# Excerpted records:
(* Let $\mathcal{F}$ be an indecomposable coherent sheaf on $\mathbb{P}^1$. Then $\mathcal{F}$ is described by a defining triple $(\mathcal{F}',\mathcal{F}'',\varphi)$ of one of the following forms, where $\mathcal{F}'=\widetilde{M'}$, $\mathcal{F}''=\widetilde{M''}$ are indecomposable coherent sheaves (or $0$) on $U_1$, $U_2$ respectively and $\varphi:\mathcal{F}'|_{U_1\cap U_2}\cong\mathcal{F}''|_{U_1\cap U_2}$: (1) $(\mathcal{F}',0,0)$ with $\Gamma_{M'}$ of type 1; (2) $(0,\mathcal{F}'',0)$ with $\Gamma_{M''}$ of type 1; (3) $(\mathcal{F}',\mathcal{F}'',\varphi)$ with $\Gamma_{M'}$, $\Gamma_{M''}$ of type 2, and after choosing isomorphisms $\mathcal{F}'|_{U_1\cap U_2}\cong\mathcal{L}$ and $\mathcal{F}''|_{U_1\cap U_2}\cong\mathcal{L}$, $\varphi$ is identified with $\phi_n$ for some $n\in\mathbb{Z}$; (4) $(\mathcal{F}',\mathcal{F}'',\psi)$ with $\Gamma_{M'}$, $\Gamma_{M''}$ of type 3, and after choosing isomorphisms $\mathcal{F}'|_{U_1\cap U_2}\cong\mathcal{C}_k$ and $\mathcal{F}''|_{U_1\cap U_2}\cong\mathcal{C}_k$, $\psi$ is identified with $\psi_m$ for some $m\in\mathbb{Z}/k\mathbb{Z}$. Moreover, $\mathcal{F}$ is torsion in cases (1) and (2), and torsion-free in cases (3) and (4).
   Context: Monoids are commutative with $1$ and absorbing $0$; a module is a pointed set $(M,* )$ with action satisfying $1m=m$, $a(bm)=(ab)m$, $0m=*$. $\mathbb P^1$ is the monoid scheme obtained by gluing $U_1=\operatorname{MSpec}(\langle t\rangle)$ and $U_2=\operatorname{MSpec}(\langle t^{-1}\rangle)$ along $U_1\cap U_2=\operatorname{MSpec}(\langle t,t^{-1}\rangle)$, where $\langle t\rangle=\{0,1,t,t^2,\dots\}$, $\langle t^{-1}\rangle=\{0,1,t^{-1},t^{-2},\dots\}$, $\langle t,t^{-1}\rangle=\{0\}\cup\{t^n:n\in\mathbb Z\}$. A coherent sheaf on $\mathbb P^1$ is equivalently a defining triple $(\mathcal F',\mathcal F'',\varphi)$ of coherent sheaves $\mathcal F'=\widetilde{M'}$ on $U_1$, $\mathcal F''=\widetilde{M''}$ on $U_2$ ($M',M''$ finitely generated modules; restriction to $U_1\cap U_2$ is localization at $t$, resp. $t^{-1}$) and a gluing isomorphism $\varphi$ over $U_1\cap U_2$. A coherent sheaf is indecomposable if non-zero and not a direct sum (sectionwise wedge sum) of two non-zero coherent sheaves. For a module $M$ over $\langle s\rangle$ ($s=t$ or $t^{-1}$), $\Gamma_M$ is the directed graph on $M\setminus\{*\}$ with edges $m\to sm$ whenever $sm\ne*$. Type 1: a rooted tree (underlying undirected graph a tree with a unique vertex without outgoing edge, reached from every vertex by a directed path). Type 2: a finite rooted tree whose root is joined to the initial vertex of an infinite directed ray $v_0\to v_1\to\cdots$. Type 3: an oriented directed cycle with rooted trees attached. $\mathcal L=\widetilde{\langle t,t^{-1}\rangle}$ on $U_1\cap U_2$, with automorphisms $\phi_n$ induced by multiplication by $t^n$, $n\in\mathbb Z$. $\mathcal C_k=\widetilde{C_k}$ with $C_k=\{*,1,t,\dots,t^{k-1}\}$ and $t$ acting by the cyclic permutation $1\mapsto t\mapsto\cdots\mapsto t^{k-1}\mapsto1$; its automorphisms $\psi_m$ are induced by multiplication by $t^m$ and depend only on $m\bmod k$. An element $m$ of a module is torsion if some nonzero element of the monoid sends it to $*$; a module is torsion if all elements are torsion and torsion-free if only $*$ is; a quasicoherent sheaf is torsion (resp. torsion-free) if its sections over every open affine form a torsion (resp. torsion-free) module. *)

From Stdlib Require Import ZArith Arith List Lia ClassicalEpsilon.
From Stdlib Require Import Relation_Operators.
Lemma shrink_spec a b : a < b ->
  a < fst (shrink (a, b)) < snd (shrink (a, b)) /\ snd (shrink (a, b)) < b /\
  F (snd (shrink (a, b))) - F (fst (shrink (a, b))) <= (F b - F a) / 2.
Proof.
  intros Hab. unfold shrink. destruct (Rle_dec _ _) as [H|H]; simpl.
  - assert (F (a + 2 * ((a + b) / 2 - a) / 3) <= F ((a + b) / 2)) by (apply F_mono; lra).
    assert (F a <= F (a + ((a + b) / 2 - a) / 3)) by (apply F_mono; lra). lra.
  - assert (F ((a + b) / 2 + 2 * (b - (a + b) / 2) / 3) <= F b) by (apply F_mono; lra).
    assert (F ((a + b) / 2) <= F ((a + b) / 2 + (b - (a + b) / 2) / 3))
      by (apply F_mono; lra). lra.
Qed.

Lemma shrink_iter_spec a b : a < b -> forall n,
  let p := Nat.iter n shrink (a, b) in
  let q := shrink p in
  fst p < fst q /\ fst q < snd q /\ snd q < snd p /\
  F (snd p) - F (fst p) <= inv_succ n.
Proof.
  intros Hab n. induction n as [|n IH]; intros p q; subst p q.
  - destruct (shrink_spec a b Hab) as [H1 [H2 H3]]. simpl in *.
    assert (0 <= F a /\ F b <= 1) by (split; apply F_bounded).
    unfold inv_succ; simpl. rewrite Rplus_0_l, Rinv_1. lra.
  - simpl in IH |- *. destruct (Nat.iter n shrink (a, b)) as [a' b'].
    destruct (shrink (a', b')) as [a'' b''] eqn:E. simpl in IH.
    destruct IH as [I1 [I2 [I3 I4]]].
    destruct (shrink_spec a'' b'' I2) as [K1 [K2 K3]].
    pose proof (shrink_spec a' b' ltac:(lra)) as Hs. rewrite E in Hs. simpl in Hs.
    pose proof (inv_succ_half_le n). cbn [fst snd]. lra.
Qed.

Lemma shrink_iter_nested a b : a < b -> forall n m, (n <= m)%nat ->
  fst (Nat.iter n shrink (a, b)) <= fst (Nat.iter m shrink (a, b)) /\
  snd (Nat.iter m shrink (a, b)) <= snd (Nat.iter n shrink (a, b)).
Proof.
  intros Hab n m Hnm. induction Hnm as [|m _ IH]; [lra|].
  destruct (shrink_iter_spec a b Hab m) as [H1 [_ [H3 _]]]. simpl. lra.
Qed.
Lemma Eh_excess_capped_le b r : 0 < b -> Rbar_le (Vcap S (fun w => b <= Rabs (X w))) (Finite r) ->
  Rbar_le (Eh S (fun w => Rmin (excess b (X w)) b)) (Finite (b * r)).
Proof.
  intros Hb HV.
  destruct (Eh_bounded S _ 0 b (Hs_excess_capped b)) as [E _].
  { intros w. unfold excess. split; [apply Rmin_glb; [apply Rmax_r | lra] | apply Rmin_r]. }
  rewrite E. simpl. replace (b * r) with (0 + b * r) by ring.
  apply (le_affine_Vcap S _ _ _ _ _ Hb HV). intros xi v [Hxi Ha] Ev.
  assert (H : Rbar_le (Eh S (fun w => Rmin (excess b (X w)) b)) (Finite (b * v))).
  { apply (Eh_le_trans S _ (fun w => b * xi w)); [apply Hs_excess_capped | apply Hs_scal; exact Hxi | |].
    - intros w. destruct (Ha w) as [Ha1 Ha2]. destruct (Rle_dec b (Rabs (X w))) as [Hl|Hl].
      + specialize (Ha2 Hl). eapply Rle_trans; [apply Rmin_r | nra].
      + unfold excess. rewrite Rmax_right by lra. rewrite Rmin_left by lra. nra.
    - apply Eh_scal_le; [exact Hxi | exact Hb | rewrite Ev; simpl; lra]. }
  rewrite E in H. simpl in H. lra.
Qed.

Hypothesis Htail : forall eps, 0 < eps -> exists M, forall c, M <= c ->
  Rbar_le (Eh S (fun w => excess c (X w))) (Finite eps).

Lemma Etail_spec c : Eh S (fun w => excess c (X w)) = Finite (Etail S X c) /\ 0 <= Etail S X c.
Proof.
  destruct (Htail 1 ltac:(lra)) as [M HM]. set (m := Rmax M c).
  assert (Hm : M <= m /\ c <= m) by (split; [apply Rmax_l | apply Rmax_r]).
  assert (Hup : Rbar_le (Eh S (fun w => excess c (X w))) (Finite (1 + (m - c)))).
  { apply (Eh_le_trans S _ (fun w => excess m (X w) + (m - c)));
      [apply Hs_excess | apply Hs_plus; [apply Hs_excess | apply Hs_const] | |].
    - intros w. unfold excess, Rmax. repeat destruct Rle_dec; lra.
    - apply Eh_plus_le; [apply Hs_excess | apply Hs_const | apply HM; tauto |].
      rewrite Eh_const. apply Rle_refl. }
  assert (Hlo : Rbar_le (Finite 0) (Eh S (fun w => excess c (X w))))
    by (apply Eh_ge_const; [apply Hs_excess | intros; apply Rmax_r]).
  unfold Etail. destruct (Eh S (fun w => excess c (X w))); simpl in *; tauto.
Qed.

Lemma Etail_antitone c1 c2 : c1 <= c2 -> Etail S X c2 <= Etail S X c1.
Proof.
  intros H. destruct (Etail_spec c1) as [E1 _]. destruct (Etail_spec c2) as [E2 _].
  assert (Hm := Eh_mono S _ _ (Hs_excess c2) (Hs_excess c1)).
  rewrite E1, E2 in Hm. apply Hm. intros w. unfold excess, Rmax. repeat destruct Rle_dec; lra.
Qed.

Lemma Etail_doubling b r : 0 < b -> Rbar_le (Vcap S (fun w => b <= Rabs (X w))) (Finite r) ->
  Etail S X b <= b * r + Etail S X (2 * b).
Proof.
  intros Hb HV.
  assert (Hcap := Eh_excess_capped_le b r Hb HV).
  destruct (Etail_spec b) as [E1 _]. destruct (Etail_spec (2 * b)) as [E2 _].
  assert (H : Rbar_le (Eh S (fun w => excess b (X w))) (Finite (b * r + Etail S X (2 * b)))).
  { apply (Eh_le_trans S _ (fun w => Rmin (excess b (X w)) b + excess (2 * b) (X w)));
      [apply Hs_excess | apply Hs_plus; [apply Hs_excess_capped | apply Hs_excess] | |].
    - intros w. apply excess_split, Hb.
    - apply Eh_plus_le; [apply Hs_excess_capped | apply Hs_excess | exact Hcap | rewrite E2; apply Rle_refl]. }
  rewrite E1 in H. exact H.
Qed.

Lemma Etail_lfun_doubling b e : 0 < b -> 0 <= e ->
  Rbar_le (Vcap S (fun w => b <= Rabs (X w))) (Finite (e * (lfun S X b / b ^ 2))) ->
  Etail S X b <= e * (lfun S X b / b) + Etail S X (2 * b) /\
  lfun S X (2 * b) / (2 * b) <= (1 + 3 * e) / 2 * (lfun S X b / b).
Proof.
  intros Hb He HV.
  replace (e * (lfun S X b / b)) with (b * (e * (lfun S X b / b ^ 2))) by (field; lra).
  split; [apply Etail_doubling; [exact Hb | exact HV]|].
  assert (Hd := lfun_double b _ Hb HV).
  replace (3 * b ^ 2 * (e * (lfun S X b / b ^ 2))) with (3 * e * lfun S X b) in Hd by (field; lra).
  apply Rmult_le_reg_r with (2 * b); [lra|].
  replace (lfun S X (2 * b) / (2 * b) * (2 * b)) with (lfun S X (2 * b)) by (field; lra).
  replace ((1 + 3 * e) / 2 * (lfun S X b / b) * (2 * b)) with ((1 + 3 * e) * lfun S X b)
    by (field; lra).
  lra.
Qed.

Lemma Etail_little_o :
  (forall eps, 0 < eps -> exists M, forall x, M <= x ->
     Rbar_le (Vcap S (fun w => x <= Rabs (X w))) (Finite (eps * (lfun S X x / x ^ 2)))) ->
  forall x1, 0 < x1 -> 0 < lfun S X x1 ->
  forall eps, 0 < eps -> exists A0, 0 < A0 /\ forall a, A0 <= a ->
    Etail S X a <= eps * (lfun S X a / a).
Proof.
  intros Hcap x1 Hx1 Hl1 eps Heps.
  set (e1 := Rmin (eps / 8) (1 / 6)).
  assert (He1 : 0 < e1 <= eps / 8 /\ e1 <= 1 / 6)
    by (unfold e1; split; [split; [apply Rmin_glb_lt; lra | apply Rmin_l] | apply Rmin_r]).
  destruct (Hcap e1 ltac:(lra)) as [M HM].
  exists (Rmax M (Rmax x1 1)).
  assert (H1 := Rmax_l M (Rmax x1 1)). assert (H2 := Rmax_r M (Rmax x1 1)).
  assert (H3 := Rmax_l x1 1). assert (H4 := Rmax_r x1 1).
  split; [lra|]. intros a Ha.
  assert (Hla : 0 < lfun S X a) by (eapply Rlt_le_trans; [exact Hl1 | apply lfun_mono; lra]).
  set (q := (1 + 3 * e1) / 2).
  set (r := fun k => lfun S X (2 ^ k * a) / (2 ^ k * a)).
  assert (Hstep : forall b, a <= b ->
            Etail S X b <= e1 * (lfun S X b / b) + Etail S X (2 * b) /\
            lfun S X (2 * b) / (2 * b) <= q * (lfun S X b / b))
    by (intros b Hb; apply Etail_lfun_doubling; [lra | lra | apply HM; lra]).
  assert (Hpow : forall k, a <= 2 ^ k * a)
    by (intros k; assert (1 <= 2 ^ k) by (apply pow_R1_Rle; lra); nra).
  assert (Hr0 : r 0%nat = lfun S X a / a) by (unfold r; simpl; rewrite Rmult_1_l; reflexivity).
  assert (Hr0pos : 0 < r 0%nat) by (rewrite Hr0; apply Rdiv_lt_0_compat; lra).
  destruct (Htail (eps * r 0%nat / 2) ltac:(nra)) as [M' HM'].
  destruct (pow2_unbounded (M' / a)) as [K HK].
  assert (Htel := telescope_geometric (fun k => Etail S X (2 ^ k * a)) r e1 q K ltac:(lra)
                    ltac:(unfold q; lra) ltac:(lra)).
  assert (HtK : Etail S X (2 ^ K * a) <= eps * r 0%nat / 2).
  { destruct (Etail_spec (2 ^ K * a)) as [E _]. specialize (HM' (2 ^ K * a)).
    rewrite E in HM'. apply HM'.
    apply Rmult_le_compat_r with (r := a) in HK; [|lra].
    replace (M' / a * a) with M' in HK by (field; lra). exact HK. }
  cbv beta in Htel. replace (2 ^ 0 * a) with a in Htel by (simpl; ring). rewrite <- Hr0.
  assert (Hq : e1 * r 0%nat / (1 - q) <= eps * r 0%nat / 2).
  { assert (Hq4 : 1 / 4 <= 1 - q) by (unfold q; lra).
    apply Rmult_le_reg_r with (1 - q); [lra|].
    replace (e1 * r 0%nat / (1 - q) * (1 - q)) with (e1 * r 0%nat) by (field; lra).
    replace (eps * r 0%nat / 2 * (1 - q)) with (eps / 2 * (1 - q) * r 0%nat) by field.
    apply Rmult_le_compat_r; nra. }
  enough (Etail S X a <= e1 * r 0%nat / (1 - q) + Etail S X (2 ^ K * a)) by lra.
  apply Htel.
  - intros k. replace (2 ^ Datatypes.S k * a) with (2 * (2 ^ k * a)) by (simpl; ring).
    apply Hstep, Hpow.
  - intros k. unfold r. replace (2 ^ Datatypes.S k * a) with (2 * (2 ^ k * a)) by (simpl; ring).
    apply Hstep, Hpow.
Qed.

Lemma Etail_scaled_le a b c eps : 0 < a -> a <= b -> a <= c -> 0 <= eps ->
  Etail S X a <= eps * (lfun S X a / a) -> Etail S X c * a <= eps * lfun S X b.
Proof.
  intros Ha Hab Hac Heps HT.
  assert (H1 := Etail_antitone a c Hac).
  assert (H2 : lfun S X a <= lfun S X b) by (apply lfun_mono; lra).
  apply Rle_trans with (eps * lfun S X a); [|apply Rmult_le_compat_l; lra].
  apply Rle_trans with (Etail S X a * a); [apply Rmult_le_compat_r; lra|].
  apply Rmult_le_compat_r with (r := a) in HT; [|lra].
  replace (eps * (lfun S X a / a) * a) with (eps * lfun S X a) in HT by (field; lra). exact HT.
Qed.

Lemma lfun_le_linear : exists C, forall s, 0 < s -> lfun S X s <= C * s.
Proof.
  destruct (Htail 1 ltac:(lra)) as [M HM]. set (m := Rmax M 1).
  assert (Hm : M <= m /\ 1 <= m) by (split; [apply Rmax_l | apply Rmax_r]).
  exists (m + 1). intros s Hspos. destruct (lfun_spec s) as [El _].
  assert (H : Rbar_le (Eh S (fun w => Rmin (X w ^ 2) (s ^ 2))) (Finite (s * m + s * 1))).
  { apply (Eh_le_trans S _ (fun w => s * m + s * excess m (X w)));
      [apply Hs_sqr_min | apply Hs_plus; [apply Hs_const | apply Hs_scal, Hs_excess] | |].
    - intros w. assert (Rabs (X w) <= m + excess m (X w)) by (unfold excess, Rmax; destruct Rle_dec; lra).
      assert (Rmin (X w ^ 2) (s ^ 2) <= s * Rabs (X w)).
      { rewrite <- (pow2_abs (X w)). assert (0 <= Rabs (X w)) by apply Rabs_pos.
        unfold Rmin. destruct Rle_dec; nra. }
      nra.
    - apply Eh_plus_le; [apply Hs_const | apply Hs_scal, Hs_excess | rewrite Eh_const; apply Rle_refl |].
      apply Eh_scal_le; [apply Hs_excess | exact Hspos | apply HM; tauto]. }
  rewrite El in H. simpl in H. lra.
Qed.

Lemma zthreshold_spec B0 q : 0 <= B0 -> 0 < q ->
  let z := real (Glb_Rbar (fun s => B0 + 1 <= s /\ lfun S X s / s ^ 2 <= q)) in
  B0 + 1 <= z /\ lfun S X (2 * z) <= q * (2 * z) ^ 2 /\
  (forall s, B0 + 1 <= s -> s < z -> q * s ^ 2 < lfun S X s).
Proof.
  intros HB0 Hq z.
  set (T := fun s => B0 + 1 <= s /\ lfun S X s / s ^ 2 <= q) in z.
  destruct lfun_le_linear as [C HC].
  set (s0 := Rmax (B0 + 1) (C / q)).
  assert (Hs0 : T s0).
  { assert (H1 := Rmax_l (B0 + 1) (C / q)). assert (H2 := Rmax_r (B0 + 1) (C / q)).
    split; [exact H1|]. assert (H := HC s0 ltac:(unfold s0; lra)).
    assert (HCq : C <= q * s0).
    { apply Rmult_le_compat_l with (r := q) in H2; [|lra].
      replace (q * (C / q)) with C in H2 by (field; lra). exact H2. }
    apply Rmult_le_reg_r with (s0 ^ 2); [unfold s0; nra|].
    replace (lfun S X s0 / s0 ^ 2 * s0 ^ 2) with (lfun S X s0) by (field; unfold s0; lra).
    unfold s0 in *. nra. }
  destruct (Glb_Rbar_spec T (B0 + 1) s0 ltac:(intros s Hs; apply Hs) Hs0) as [Hz [Hlow Happrox]].
  fold z in Hz, Hlow, Happrox.
  split; [exact Hz | split].
  - destruct (Happrox (2 * z) ltac:(lra)) as [t [[Ht1 Ht2] Ht3]].
    assert (Hsc := lfun_scale t (2 * z) ltac:(lra)).
    assert (Hlt : lfun S X t <= q * t ^ 2).
    { apply Rmult_le_compat_r with (r := t ^ 2) in Ht2; [|nra].
      replace (lfun S X t / t ^ 2 * t ^ 2) with (lfun S X t) in Ht2 by (field; lra). lra. }
    apply Rmult_le_reg_l with (t ^ 2); [nra|].
    assert (Hz2 : 0 <= (2 * z) ^ 2) by apply pow2_ge_0.
    apply Rle_trans with ((2 * z) ^ 2 * lfun S X t); [exact Hsc|].
    replace (t ^ 2 * (q * (2 * z) ^ 2)) with ((2 * z) ^ 2 * (q * t ^ 2)) by ring.
    apply Rmult_le_compat_l; assumption.
  - intros s Hs1 Hs2. apply Rnot_le_lt. intros Hle.
    assert (z <= s); [|lra]. apply Hlow. split; [exact Hs1|].
    apply Rmult_le_reg_r with (s ^ 2); [nra|].
    replace (lfun S X s / s ^ 2 * s ^ 2) with (lfun S X s) by (field; lra). lra.
Qed.

Lemma b0_spec x1 : 0 < x1 -> 0 < lfun S X x1 -> 0 <= b0 S X /\ 0 < lfun S X (b0 S X + 1).
Proof.
  intros Hx1 Hl1.
  destruct (Glb_Rbar_spec (fun x => 0 <= x /\ 0 < lfun S X x) 0 x1
              ltac:(intros s Hs; apply Hs) ltac:(split; lra)) as [Hb0 [_ Happrox]].
  fold (b0 S X) in Hb0, Happrox. split; [exact Hb0|].
  destruct (Happrox (b0 S X + 1) ltac:(lra)) as [t [[Ht0 Ht1] Ht2]].
  eapply Rlt_le_trans; [exact Ht1 | apply lfun_mono; lra].
Qed.

End TruncatedMoments.

Definition quad_exponent (lam c t : R) := lam * t - c * lam ^ 2 * t ^ 2.

Definition exp_quad_sum (lam c : R) (n : nat) (v : nat -> R) :=
  exp (psum (fun i => quad_exponent lam c (v i)) n).

Lemma quad_exponent_le lam c t : 0 < c -> quad_exponent lam c t <= 1 / (4 * c).
Proof.
  intros Hc. unfold quad_exponent.
  apply Rmult_le_reg_r with (4 * c); [lra|]. field_simplify; [|lra].
  assert (0 <= (2 * c * (lam * t) - 1) ^ 2) by apply pow2_ge_0. nra.
Qed.

Lemma quad_exponent_lipschitz lam c s t : 0 <= lam -> 0 <= c ->
  Rabs (quad_exponent lam c s - quad_exponent lam c t)
  <= (lam + c * lam ^ 2) * (1 + Rabs s + Rabs t) * Rabs (s - t).
Proof.
  intros Hl Hc. unfold quad_exponent.
  replace (lam * s - c * lam ^ 2 * s ^ 2 - (lam * t - c * lam ^ 2 * t ^ 2))
    with ((lam - c * lam ^ 2 * (s + t)) * (s - t)) by ring.
  rewrite Rabs_mult. apply Rmult_le_compat_r; [apply Rabs_pos|].
  assert (Hcl : 0 <= c * lam ^ 2) by (apply Rmult_le_pos; [lra | apply pow2_ge_0]).
  eapply Rle_trans; [apply Rabs_triang|]. rewrite Rabs_Ropp, Rabs_mult, (Rabs_right lam) by lra.
  rewrite (Rabs_right (c * lam ^ 2)) by lra.
  assert (Hst := Rabs_triang s t). assert (0 <= Rabs s) by apply Rabs_pos.
  assert (0 <= Rabs t) by apply Rabs_pos. nra.
Qed.

Lemma psum_lipschitz (g : R -> R) a n x y : 0 <= a ->
  (forall s t, Rabs (g s - g t) <= a * (1 + Rabs s + Rabs t) * Rabs (s - t)) ->
  Rabs (psum (fun i => g (x i)) n - psum (fun i => g (y i)) n)
  <= INR n * a * (1 + nmax n x + nmax n y) * nmax n (vsub x y).
Proof.
  intros Ha Hg.
  assert (Hd := nmax_ge0 n (vsub x y)).
  assert (Hx0 := nmax_ge0 n x). assert (Hy0 := nmax_ge0 n y).
  enough (forall k, (k <= n)%nat ->
    Rabs (psum (fun i => g (x i)) k - psum (fun i => g (y i)) k)
    <= INR k * (a * (1 + nmax n x + nmax n y) * nmax n (vsub x y))).
  { replace (INR n * a * (1 + nmax n x + nmax n y) * nmax n (vsub x y))
      with (INR n * (a * (1 + nmax n x + nmax n y) * nmax n (vsub x y))) by ring. auto. }
  induction k as [|k IHk]; intros Hk; cbn [psum].
  - rewrite Rminus_diag, Rabs_R0. simpl. lra.
  - rewrite S_INR.
    replace (psum (fun i => g (x i)) k + g (x k) - (psum (fun i => g (y i)) k + g (y k)))
      with ((psum (fun i => g (x i)) k - psum (fun i => g (y i)) k) + (g (x k) - g (y k))) by ring.
    eapply Rle_trans; [apply Rabs_triang|].
    assert (H1 := IHk ltac:(lia)). assert (H2 := Hg (x k) (y k)).
    assert (Hx := nmax_ge n x k ltac:(lia)). assert (Hy := nmax_ge n y k ltac:(lia)).
    assert (Hxy := nmax_ge n (vsub x y) k ltac:(lia)). unfold vsub in Hxy.
    assert (Hk' : a * (1 + Rabs (x k) + Rabs (y k)) * Rabs (x k - y k)
                  <= a * (1 + nmax n x + nmax n y) * nmax n (vsub x y)).
    { assert (0 <= Rabs (x k)) by apply Rabs_pos. assert (0 <= Rabs (y k)) by apply Rabs_pos.
      assert (0 <= Rabs (x k - y k)) by apply Rabs_pos.
      apply Rmult_le_compat; [nra | apply Rabs_pos | apply Rmult_le_compat_l; lra | exact Hxy]. }
    lra.
Qed.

# Exercise:
Please copy each line from the material above in which the string "Hcap" appears.

# Answer box:
  assert (Hcap := Eh_excess_capped_le b r Hb HV).
    - apply Eh_plus_le; [apply Hs_excess_capped | apply Hs_excess | exact Hcap | rewrite E2; apply Rle_refl]. }
  intros Hcap x1 Hx1 Hl1 eps Heps.
  destruct (Hcap e1 ltac:(lra)) as [M HM].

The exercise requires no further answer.